Prioritize Easy Test Pages
The author's final consideration is to prioritize pages that will be easy to test. Again, the concept of "easy" is very loose and there are various criteria to be considered. Primarily, it pertains to the time, resources, and costs of executing a test.
- In general, an "easy" test involves a single page, or a few pages in a flow, as opposed to a test that will impact many (or all) of the pages across an entire site.
- A test is also easy if it is a change to content or appearance rather than functionality. If there must be changes on the back-end systems to accommodate a test, the programming takes time and money.
- Pages that are non-dynamic (all users see the same layout all the time) are easier to test than dynamic ones (where the content shown varies by case or even by individual user).
- Single-channel tests (web site only) are easier than tests that impact multipkle channels (a transaction started on the Web site may be completed on a mobile device or by telephone, and behavior must be tracked across channels)
- A test that monitors the progress of one goal is easier than a test that monitors multiple goals.

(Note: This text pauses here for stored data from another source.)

(* Let $(\mathbf a,b)\in\mathbb{Z}^2\times\mathbb{N}$ with $\gcd(\mathbf a,b)=1$ (i.e. $\gcd(a_1,a_2,b)=1$), and let $\boldsymbol\beta\in\mathbb{R}^2$. Then there is an absolute constant $C>0$ such that for all $0<\varepsilon<1$, $$\sum_{0\le h\le b-1}\mathbb 1\left[\left\|h\tfrac{\mathbf a}{b}+\boldsymbol\beta\right\|<\varepsilon\right]\le C(\varepsilon b+1),$$ and for all $N\ge1$ (and $0<\varepsilon<1$), $$\sum_{1\le h\le N}\mathbb 1\left[\left\|h\tfrac{\mathbf a}{b}\right\|<\varepsilon\right]\le C\left((\varepsilon b+1)\frac{N}{b}\mathbb 1[N\ge b]+\min\{N,\varepsilon b\}\mathbb 1[N<b]\right).$$
   Context: $\|\mathbf x\|$ denotes the distance from $\mathbf x\in\mathbb{R}^2$ to the nearest point of $\mathbb{Z}^2$ with respect to the maximum norm; $\mathbb 1[\cdot]$ is the indicator of a condition. *)

From Stdlib Require Import Reals Lra Lia ZArith List.
Open Scope R_scope.

Definition dist_Z (t : R) : R :=
  Rmin (t - IZR (Int_part t)) (IZR (Int_part t) + 1 - t).

(* ||x|| for x = (x1,x2) in R^2 : distance to the nearest point of Z^2 w.r.t.
   the maximum norm; this is the max of the coordinatewise distances. *)
Definition torus_norm (x1 x2 : R) : R := Rmax (dist_Z x1) (dist_Z x2).

Definition ind_lt (u v : R) : R := if Rlt_dec u v then 1 else 0.

Definition sumR (l : list nat) (f : nat -> R) : R :=
  fold_right Rplus 0 (map f l).

(* For h in a window of b consecutive integers with ||h a/b + beta|| < eps, write
   h a_i = j_i b + v_i with j_i the integer nearest to h a_i/b + beta_i; the integer
   vector (v_1, v_2) then lies in a square of side 2 eps b centred at -b beta.
   With d = gcd(a_1, b) and n = b/d, v_1 is a multiple of d, v_1 determines h mod n
   and hence v_2 mod n, and (v_1, v_2) determines h mod b because gcd(a, b) = 1.
   So h |-> (v_1/d, floor(v_2/n)) is injective on the window and takes at most
   (2 eps b/d + 1)(2 eps b/n + 2) <= 10 eps b + 2 values.  Longer ranges are cut
   into windows, and for eps b <= 1 no 0 < h < b counts since ||h a/b|| >= 1/b. *)

From Stdlib Require Import Reals ZArith List Lia Lra.
Open Scope R_scope.

Definition near_int (eps x : R) : Z :=
  if Rlt_dec (x - IZR (Int_part x)) eps then Int_part x else (Int_part x + 1)%Z.

Lemma near_int_spec eps x : dist_Z x < eps -> Rabs (x - IZR (near_int eps x)) < eps.
Proof.
  unfold dist_Z, near_int, Rmin; intros Hx.
  destruct (base_Int_part x) as [Hfl Hfl1].
  apply Rabs_def1; destruct Rlt_dec, Rle_dec; rewrite ?plus_IZR in *; lra.
Qed.

Lemma near_int_scaled_bound eps x (b : nat) :
  (0 < b)%nat -> dist_Z x < eps ->
  Rabs (INR b * x - IZR (near_int eps x * Z.of_nat b)) < eps * INR b.
Proof.
  intros Hb Hx; apply near_int_spec in Hx.
  assert (Bp : 0 < INR b) by (apply lt_0_INR; lia).
  rewrite mult_IZR, <- INR_IZR_INZ.
  replace (INR b * x - IZR (near_int eps x) * INR b)
    with (INR b * (x - IZR (near_int eps x))) by ring.
  rewrite Rabs_mult, Rabs_pos_eq by lra; nra.
Qed.

Lemma divide_of_dist_Z_frac_lt (k : Z) (b : nat) :
  (0 < b)%nat -> dist_Z (IZR k / INR b) < / INR b -> (Z.of_nat b | k)%Z.
Proof.
  intros Hb Hk.
  assert (Bp : 0 < INR b) by (apply lt_0_INR; lia).
  apply (near_int_scaled_bound _ _ b Hb), Rabs_def2 in Hk.
  replace (INR b * (IZR k / INR b)) with (IZR k) in Hk by (field; lra).
  rewrite Rinv_l, <- minus_IZR in Hk by lra.
  set (j := near_int _ _) in Hk.
  assert (-1 < k - j * Z.of_nat b < 1)%Z by (split; apply lt_IZR; simpl; lra).
  exists j; lia.
Qed.

Lemma Z_divide_of_gcd2 (a1 a2 b x : Z) : Z.gcd (Z.gcd a1 a2) b = 1%Z ->
  (b | x * a1)%Z -> (b | x * a2)%Z -> (b | x)%Z.
Proof.
  intros G H1 H2; destruct (Z.gcd_bezout a1 a2 _ eq_refl) as [u [v Huv]].
  apply Z.gauss with (Z.gcd a1 a2); [|now rewrite Z.gcd_comm].
  rewrite <- Huv.
  replace ((u * a1 + v * a2) * x)%Z with (u * (x * a1) + v * (x * a2))%Z by ring.
  apply Z.divide_add_r; apply Z.divide_mul_r; assumption.
Qed.

Lemma Z_divide_cofactor (a b x : Z) : b <> 0%Z ->
  (b | x * a)%Z -> (b / Z.gcd a b | x)%Z.
Proof.
  intros Hb Hxa.
  assert (Hg : Z.gcd a b <> 0%Z) by (intro E; apply Z.gcd_eq_0 in E; lia).
  destruct (Z.gcd_divide_l a b) as [a' Ea].
  destruct (Z.gcd_divide_r a b) as [n En].
  assert (Hn : (b / Z.gcd a b = n)%Z) by (rewrite En at 1; apply Z.div_mul, Hg).
  assert (Ha' : (a / Z.gcd a b = a')%Z) by (rewrite Ea at 1; apply Z.div_mul, Hg).
  assert (Hcop : Z.gcd n a' = 1%Z)
    by (rewrite <- Hn, <- Ha', Z.gcd_comm; now apply Z.gcd_div_gcd).
  rewrite Hn; apply Z.gauss with a'; [|exact Hcop].
  apply (Z.mul_divide_cancel_r _ _ (Z.gcd a b) Hg).
  replace (a' * x * Z.gcd a b)%Z with (x * (a' * Z.gcd a b))%Z by ring.
  now rewrite <- En, <- Ea.
Qed.

Lemma Z_eq_of_div_eq (n x y : Z) : (0 < n)%Z ->
  (x / n = y / n)%Z -> (n | x - y)%Z -> x = y.
Proof.
  intros Hn Hdiv [k Hk].
  assert (Hmod : (x mod n = y mod n)%Z).
  { replace x with (y + k * n)%Z by lia; apply Z_mod_plus_full. }
  rewrite (Z.div_mod x n), (Z.div_mod y n), Hdiv, Hmod by lia; reflexivity.
Qed.

Lemma window_eq_of_divide (b c h h' : nat) :
  (c <= h < c + b)%nat -> (c <= h' < c + b)%nat ->
  (Z.of_nat b | Z.of_nat h - Z.of_nat h')%Z -> h = h'.
Proof. intros Hh Hh' [k Hk]; assert (k = 0%Z) by nia; subst k; lia. Qed.

Definition ints_between (lo hi : R) : list Z :=
  map (fun k => (up lo + Z.of_nat k)%Z) (seq 0 (Z.to_nat (up hi - up lo))).

Lemma In_ints_between lo hi t : lo < IZR t -> IZR t < hi -> In t (ints_between lo hi).
Proof.
  intros Hlo Hhi.
  destruct (archimed lo) as [A1 A2], (archimed hi) as [B1 B2].
  assert (t > up lo - 1)%Z by (apply Z.lt_gt, lt_IZR; rewrite minus_IZR; simpl; lra).
  assert (t < up hi)%Z by (apply lt_IZR; lra).
  apply in_map_iff; exists (Z.to_nat (t - up lo)); split; [lia|].
  apply in_seq; lia.
Qed.

Lemma In_ints_between_scaled s lo hi t :
  0 < s -> lo < s * IZR t < hi -> In t (ints_between (lo / s) (hi / s)).
Proof.
  intros Hs [Hlo Hhi]; apply In_ints_between;
    apply Rmult_lt_reg_l with s; trivial;
    [replace (s * (lo / s)) with lo | replace (s * (hi / s)) with hi];
    trivial; field; lra.
Qed.

Lemma length_ints_between lo hi :
  lo <= hi -> INR (length (ints_between lo hi)) <= hi - lo + 1.
Proof.
  intros H; unfold ints_between; rewrite length_map, length_seq.
  destruct (archimed lo) as [A1 A2], (archimed hi) as [B1 B2].
  destruct (Z_lt_le_dec 0 (up hi - up lo)).
  - rewrite INR_IZR_INZ, Z2Nat.id, minus_IZR by lia; lra.
  - replace (Z.to_nat (up hi - up lo)) with 0%nat by lia; simpl; lra.
Qed.

Definition Rltb (u v : R) : bool := if Rlt_dec u v then true else false.

Lemma sumR_ind_lt (l : list nat) (g : nat -> R) eps :
  sumR l (fun h => ind_lt (g h) eps) = INR (length (filter (fun h => Rltb (g h) eps) l)).
Proof.
  induction l as [|x l IH]; [reflexivity|].
  unfold sumR, ind_lt, Rltb in *; simpl; rewrite IH.
  destruct Rlt_dec; simpl length; rewrite ?S_INR; lra.
Qed.

Lemma length_filter_seq_le (P : nat -> bool) c L M : (L <= M)%nat ->
  (length (filter P (seq c L)) <= length (filter P (seq c M)))%nat.
Proof.
  intros HLM; replace M with (L + (M - L))%nat by lia.
  rewrite seq_app, filter_app, length_app; lia.
Qed.

Lemma length_filter_seq_blocks (P : nat -> bool) (b : nat) (K : R) : (0 < b)%nat ->
  (forall c, INR (length (filter P (seq c b))) <= K) ->
  forall L c, INR (length (filter P (seq c L))) <= (INR L / INR b + 1) * K.
Proof.
  intros Hb HK.
  assert (Bp : 0 < INR b) by (apply lt_0_INR; lia).
  assert (K0 : 0 <= K) by (eapply Rle_trans, (HK 0%nat); apply pos_INR).
  assert (Lb0 : forall L, 0 <= INR L / INR b)
    by (intro; apply Rmult_le_pos; [apply pos_INR | left; apply Rinv_0_lt_compat; lra]).
  intros L; induction L as [L IH] using (well_founded_induction lt_wf); intros c.
  destruct (le_lt_dec L b) as [Hl|Hl].
  - eapply Rle_trans; [apply le_INR, (length_filter_seq_le _ c L b Hl)|].
    specialize (Lb0 L); specialize (HK c); nra.
  - replace L with (b + (L - b))%nat by lia.
    rewrite seq_app, filter_app, length_app, plus_INR.
    specialize (IH (L - b)%nat ltac:(lia) (c + b)%nat); specialize (HK c).
    replace (INR (b + (L - b)) / INR b + 1) with (1 + (INR (L - b) / INR b + 1))
      by (rewrite plus_INR; field; lra).
    nra.
Qed.

Lemma box_size_bound d n e : 1 <= d -> 1 <= n -> 0 <= e <= d * n ->
  (2 * (e / d) + 1) * (2 * (e / n) + 2) <= 10 * e + 2.
Proof.
  intros Hd Hn He.
  assert (Hp : 0 <= e / d <= e).
  { split; [apply Rmult_le_pos; [lra | left; apply Rinv_0_lt_compat; lra]|].
    apply Rmult_le_reg_r with d; [lra|]; unfold Rdiv; rewrite Rmult_assoc, Rinv_l; nra. }
  assert (Hq : 0 <= e / n <= e).
  { split; [apply Rmult_le_pos; [lra | left; apply Rinv_0_lt_compat; lra]|].
    apply Rmult_le_reg_r with n; [lra|]; unfold Rdiv; rewrite Rmult_assoc, Rinv_l; nra. }
  assert (Hpq : (e / d) * (e / n) <= e).
  { replace ((e / d) * (e / n)) with (e * (e / (d * n))) by (field; lra).
    assert (e / (d * n) <= 1); [|nra].
    apply Rmult_le_reg_r with (d * n); [nra|]; unfold Rdiv;
      rewrite Rmult_assoc, Rinv_l; nra. }
  nra.
Qed.

Section Window.

Variables (a1 a2 : Z) (b : nat) (beta1 beta2 eps : R).
Hypothesis b_gt0 : (0 < b)%nat.
Hypothesis gcd_a_b : Z.gcd (Z.gcd a1 a2) (Z.of_nat b) = 1%Z.
Hypothesis eps_ge0 : 0 <= eps.
Hypothesis eps_le1 : eps <= 1.

Definition orbit_close (h : nat) : bool :=
  Rltb (torus_norm (INR h * IZR a1 / INR b + beta1) (INR h * IZR a2 / INR b + beta2)) eps.

Definition offset (a : Z) (beta : R) (h : nat) : Z :=
  (Z.of_nat h * a - near_int eps (INR h * IZR a / INR b + beta) * Z.of_nat b)%Z.

Lemma offset_bound a beta h : dist_Z (INR h * IZR a / INR b + beta) < eps ->
  Rabs (IZR (offset a beta h) + INR b * beta) < eps * INR b.
Proof.
  intros Hx; apply (near_int_scaled_bound _ _ b b_gt0) in Hx.
  assert (Bp : 0 < INR b) by (apply lt_0_INR; lia).
  set (x := INR h * IZR a / INR b + beta) in *.
  set (j := near_int eps x) in *.
  unfold offset; fold x j.
  replace (IZR (Z.of_nat h * a - j * Z.of_nat b) + INR b * beta)
    with (INR b * x - IZR (j * Z.of_nat b)); [exact Hx|].
  unfold x; rewrite minus_IZR, !mult_IZR, <- !INR_IZR_INZ; field; lra.
Qed.

Lemma offset_sub_divide a beta h h' :
  (Z.of_nat b | (Z.of_nat h - Z.of_nat h') * a - (offset a beta h - offset a beta h'))%Z.
Proof.
  exists (near_int eps (INR h * IZR a / INR b + beta)
          - near_int eps (INR h' * IZR a / INR b + beta))%Z.
  unfold offset; ring.
Qed.

Local Notation d := (Z.gcd a1 (Z.of_nat b)).
Local Notation n := (Z.of_nat b / Z.gcd a1 (Z.of_nat b))%Z.

Lemma d_gt0 : (0 < d)%Z.
Proof.
  assert (d <> 0%Z) by (intro E; apply Z.gcd_eq_0 in E; lia).
  pose proof (Z.gcd_nonneg a1 (Z.of_nat b)); lia.
Qed.

Lemma b_eq_d_mul_n : Z.of_nat b = (d * n)%Z.
Proof.
  pose proof d_gt0.
  apply Z.div_exact; [lia|].
  apply Z.mod_divide; [lia | apply Z.gcd_divide_r].
Qed.

Lemma n_gt0 : (0 < n)%Z.
Proof. pose proof d_gt0; pose proof b_eq_d_mul_n; nia. Qed.

Lemma d_divide_offset h : (d | offset a1 beta1 h)%Z.
Proof.
  unfold offset; apply Z.divide_sub_r; apply Z.divide_mul_r;
    [apply Z.gcd_divide_l | apply Z.gcd_divide_r].
Qed.

Definition key (h : nat) : Z * Z :=
  (offset a1 beta1 h / d, offset a2 beta2 h / n)%Z.

Lemma key_inj c h h' : (c <= h < c + b)%nat -> (c <= h' < c + b)%nat ->
  key h = key h' -> h = h'.
Proof.
  intros Hh Hh' E; injection E as E1 E2.
  set (dh := (Z.of_nat h - Z.of_nat h')%Z).
  assert (O1 : offset a1 beta1 h = offset a1 beta1 h').
  { apply (Z_eq_of_div_eq d); [apply d_gt0 | exact E1|].
    apply Z.divide_sub_r; apply d_divide_offset. }
  assert (D1 : (Z.of_nat b | dh * a1)%Z).
  { generalize (offset_sub_divide a1 beta1 h h').
    now rewrite O1, Z.sub_diag, Z.sub_0_r. }
  assert (O2 : offset a2 beta2 h = offset a2 beta2 h').
  { apply (Z_eq_of_div_eq n); [apply n_gt0 | exact E2|].
    replace (offset a2 beta2 h - offset a2 beta2 h')%Z
      with (dh * a2 - (dh * a2 - (offset a2 beta2 h - offset a2 beta2 h')))%Z by ring.
    apply Z.divide_sub_r.
    - apply Z.divide_mul_l, Z_divide_cofactor; [lia | exact D1].
    - apply Z.divide_trans with (Z.of_nat b);
        [exists d; exact b_eq_d_mul_n | apply offset_sub_divide]. }
  assert (D2 : (Z.of_nat b | dh * a2)%Z).
  { generalize (offset_sub_divide a2 beta2 h h').
    now rewrite O2, Z.sub_diag, Z.sub_0_r. }
  apply (window_eq_of_divide b c); trivial.
  exact (Z_divide_of_gcd2 a1 a2 _ _ gcd_a_b D1 D2).
Qed.

Definition box1 : list Z :=
  ints_between ((- (INR b * beta1) - eps * INR b) / IZR d)
               ((- (INR b * beta1) + eps * INR b) / IZR d).

(* [offset a2 beta2 h / n] is a floor quotient, hence the extra [- n] at the lower end. *)
Definition box2 : list Z :=
  ints_between ((- (INR b * beta2) - eps * INR b - IZR n) / IZR n)
               ((- (INR b * beta2) + eps * INR b) / IZR n).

- A loosely defined goal (customer buys any item) is easier than a test that has a tightly defined one (customer buys a specific item)
- Pages that cause stakeholders a great deal of anxiety are harder to test because the proposal will need more socialization and sign-offs
Tests should not be prioritized solely on the basis of their ease: harder, more sensitive, and more technically complex tests may often produce much more important outcomes - but testing programs often have slack times between tests, and having a "quickie" that can be dropped into a space where the next major test is still being prepared enables you to make good use of otherwise lost time.
The author returns to the notion of politics within an organization, as there are very seldom instances in which a tester has carte blanch to fiddle with the website, particularly pages that are generating revenue or supporting organizational goals.
- There is fear that the company may lose revenue, even a little bit, by testing something that may not work, so they may refuse to authorize a test or seek to pull the plug prematurely if the initial numbers don't show improvement.
- There may be considerable investment of ego or credibility in the way things are. Someone who fought to have things done their way will be embarrassed when their opinions are discredited by a test.
- There may be questions of capacity. If the shipping department or customer support is barely able to handle its current load, even a 10% increase could be disastrous
(EN: The author doesn't indicate how to overcome such resistance, as the internal politics of an organization is highly idiosyncratic and very delicate - so it's ultimately a "caveat" without an action plan.)
Prioritize with a Weighting Table
The author proposes a rather facile solution to taking the factors into consideration: scoring potential, importance, and ease on a ten-point scale and then adding the numbers together.
(EN: The approach here seems a bit facile, and it's likely no simplistic formula can reliably be used. However, when the value of optimization is proven out and multiple departments are competing for limited resources, likely some arbitrary means of determining which tests get priority is necessary.)
The author also suggests that prioritization be a rolling process. Each time a new test is proposed, rate it and re-sort the list of upcoming tests to ensure that highly valuable tests are not made to wait in line behind less valuable ones that were proposed earlier.